Spirobranchus corniculatus, commonly referred to as the Indo-Pacific Christmas tree worm, is a species of tube-building annelid fanworms in the family Serpulidae. Belonging to the class Polychaeta, it is recognized for its bristle-like tentacles and the presence of a structure called radioles. It is widely encountered and recognized for its unique resemblance to a conifer and its diverse array of colors.

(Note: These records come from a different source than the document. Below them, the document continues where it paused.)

Lemma memv_eigsum_adjacent (P P' : pred nat) v :
  (forall j j', (j <= d)%N -> (j' <= d)%N -> P j -> j' \in [:: j.-1; j; j.+1] -> P' j') ->
  v \in eigsum P -> g v \in eigsum P'.
Proof.
move=> PP' /memv_sumP[vs Evs ->]; rewrite linear_sum /=; apply: rpred_sum => j Pj.
have jd : (j <= d)%N by rewrite -ltnS.
have eigsp_sub (j' : nat) : j' \in [:: j.-1; j : nat; j.+1] -> (eigsp f d th j' <= eigsum P')%VS.
  rewrite /eigsp; case: ifP => j'd j'j; last exact: sub0v.
  exact/leigenspace_sub_eigsum/(PP' j).
have [_ _ _ /(_ j jd) g_tri] := f_std.
have g_vj : g (vs j) \in (eigsp f d th j.-1 + eigsp f d th j + eigsp f d th j.+1)%VS.
  by apply/(subvP g_tri)/memv_img; rewrite /eigsp jd; exact: Evs.
by apply: subvP g_vj; rewrite !subv_add !eigsp_sub // !inE eqxx ?orbT.
Qed.

Lemma eigsum_capC (P : pred nat) : (eigsum P :&: eigsum (predC P) = 0)%VS.
Proof.
apply: (directv_sum_capC (fun j : 'I_d.+1 => P j)).
apply: directv_sum_leigenspace => i j /standard_ordering_inj ij.
by apply/val_inj/ij; rewrite inE -ltnS.
Qed.

Lemma eigsum_lt_cap_geq k : (eigsum (fun j => j < k)%N :&: eigsum (fun j => k <= j)%N = 0)%VS.
Proof.
apply/eqP; rewrite -subv0 -(eigsum_capC (fun j => j < k)%N) capvS // eigsumS // => j _ /=.
by rewrite -leqNgt.
Qed.

Lemma eigsum_cap_leq_geq k : (k <= d)%N ->
  (eigsum (fun j => j <= k)%N :&: eigsum (fun j => k <= j)%N <= leigenspace f (th k))%VS.
Proof.
move=> kd; apply/subvP => v /memv_capP[v_le v_ge].
have eigsum_le : eigsum (fun j => j <= k)%N = (leigenspace f (th k) + eigsum (fun j => j < k)%N)%VS.
  rewrite -ltnS in kd; rewrite /eigsum (bigD1 (Ordinal kd)) //=; congr (_ + _)%VS.
  by apply: eq_bigl => j; rewrite -(inj_eq val_inj) /= ltn_neqAle andbC.
move: v_le v_ge; rewrite eigsum_le => /memv_addP[e e_mem [x x_lt ->]] v_ge.
suff -> : x = 0 by rewrite addr0.
apply/eqP; rewrite -memv0 -(eigsum_lt_cap_geq k) memv_cap x_lt.
have -> : x = (e + x) - e by rewrite addrC addKr.
by rewrite memvB // (subvP (leigenspace_sub_eigsum kd _)).
Qed.

(* By induction on [k], [f] maps [W :&: eigsum (j <= k)] into [W]: the splitting of [W]
   at [k] peels off a vector of [W] in the eigenspace for [th k]. *)
Lemma flag_split_invariant (W : {vspace V}) :
  (fullv <= eigsum predT)%VS ->
  (forall k, (1 <= k <= d)%N ->
     (W <= (W :&: eigsum (fun j => j < k)%N) + (W :&: eigsum (fun j => k <= j)%N))%VS) ->
  (f @: W <= W)%VS.
Proof.
move=> f_diag W_split.
have fW k : (k <= d)%N -> forall w, w \in W -> w \in eigsum (fun j => j <= k)%N -> f w \in W.
  elim: k => [|k IHk] kd w wW w_le.
    have : w \in leigenspace f (th 0).
      apply: (subvP (eigsum_cap_leq_geq (leq0n d))); rewrite memv_cap w_le.
      by apply: (subvP (eigsumS _)) w_le.
    by rewrite memv_leigenspace => /eqP->; rewrite rpredZ.
  have /memv_addP[x x_mem [y y_mem w_xy]] := subvP (W_split k.+1 kd) w wW.
  move: x_mem y_mem; rewrite !memv_cap => /andP[xW x_lt] /andP[yW y_ge].
  have y_eig : y \in leigenspace f (th k.+1).
    apply: (subvP (eigsum_cap_leq_geq kd)); rewrite memv_cap y_ge andbT.
    have -> : y = w - x by rewrite w_xy addrC addKr.
    by rewrite memvB //; apply: (subvP (eigsumS _)) x_lt => j _ /ltnW.
  have fyW : f y \in W by move: y_eig; rewrite memv_leigenspace => /eqP->; exact: rpredZ.
  by rewrite w_xy linearD rpredD // (IHk (ltnW kd)).
apply/subvP => _ /memv_imgP[w wW ->]; apply: (fW d) => //.
by apply: (subvP (eigsumS _)) (subvP f_diag w (memvf w)) => j jd.
Qed.

End EigenspaceFlags.

Arguments eigsumS {K V f d th P P'}.
Arguments eigsum_eq0 {K V f d th P}.

Lemma cross_complements (K : fieldType) (V : vectType K) (W P Q P' Q' : {vspace V}) :
  (P + Q = W)%VS -> (P :&: Q = 0)%VS -> (P' + Q' = W)%VS -> (P' :&: Q' = 0)%VS ->
  (P :&: P' = 0)%VS -> (Q :&: Q' = 0)%VS -> (Q + Q' = W)%VS /\ (P + P' = W)%VS.
Proof.
move=> PQ PQ0 PQ' PQ0' PP0 QQ0.
have dimPQ := dimv_disjoint_sum PQ0; have dimPQ' := dimv_disjoint_sum PQ0'.
rewrite PQ in dimPQ; rewrite PQ' in dimPQ'.
have [PW QW] : (P <= W)%VS /\ (Q <= W)%VS by rewrite -PQ addvSl addvSr.
have [P'W Q'W] : (P' <= W)%VS /\ (Q' <= W)%VS by rewrite -PQ' addvSl addvSr.
have dimPP' : (\dim P + \dim P' <= \dim W)%N.
  by rewrite -(dimv_disjoint_sum PP0) dimvS // subv_add PW P'W.
have dimQQ' : (\dim Q + \dim Q' <= \dim W)%N.
  by rewrite -(dimv_disjoint_sum QQ0) dimvS // subv_add QW Q'W.
split; apply/eqP; rewrite eqEdim subv_add ?QW ?Q'W ?PW ?P'W /=.
  by rewrite (dimv_disjoint_sum QQ0); lia.
by rewrite (dimv_disjoint_sum PP0); lia.
Qed.

Section QPowers.
Variables (K : fieldType) (q : K).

Initially presumed to be part of a species group including Spirobranchus cruciger and Spirobranchus gaymardi, it has been determined to be a singular, morphologically adaptable species inhabiting the Central Indo-Pacific region.

== Description ==
The Christmas tree worm is very vibrant in color and changes its color based on depth, camouflage, and a scare tactic. It has bright spiral rings around its body segments or radioles, which can number more than 200 segments. The body is abnormally large, ranging up to 45 mm long and 0.5 mm wide.

== Biology ==
The species predominantly engages in reproduction throughout its lifespan. Males use their coloration to attract females. During mating, females emit a pheromone that signals males to release sperm. In turn, females release eggs; this action is called spawning. Larvae are characterized by an elongated body. The species also uses its color to make predators second guess their meal. The species primarily consumes suspended food particles, phytoplankton, and microalgae.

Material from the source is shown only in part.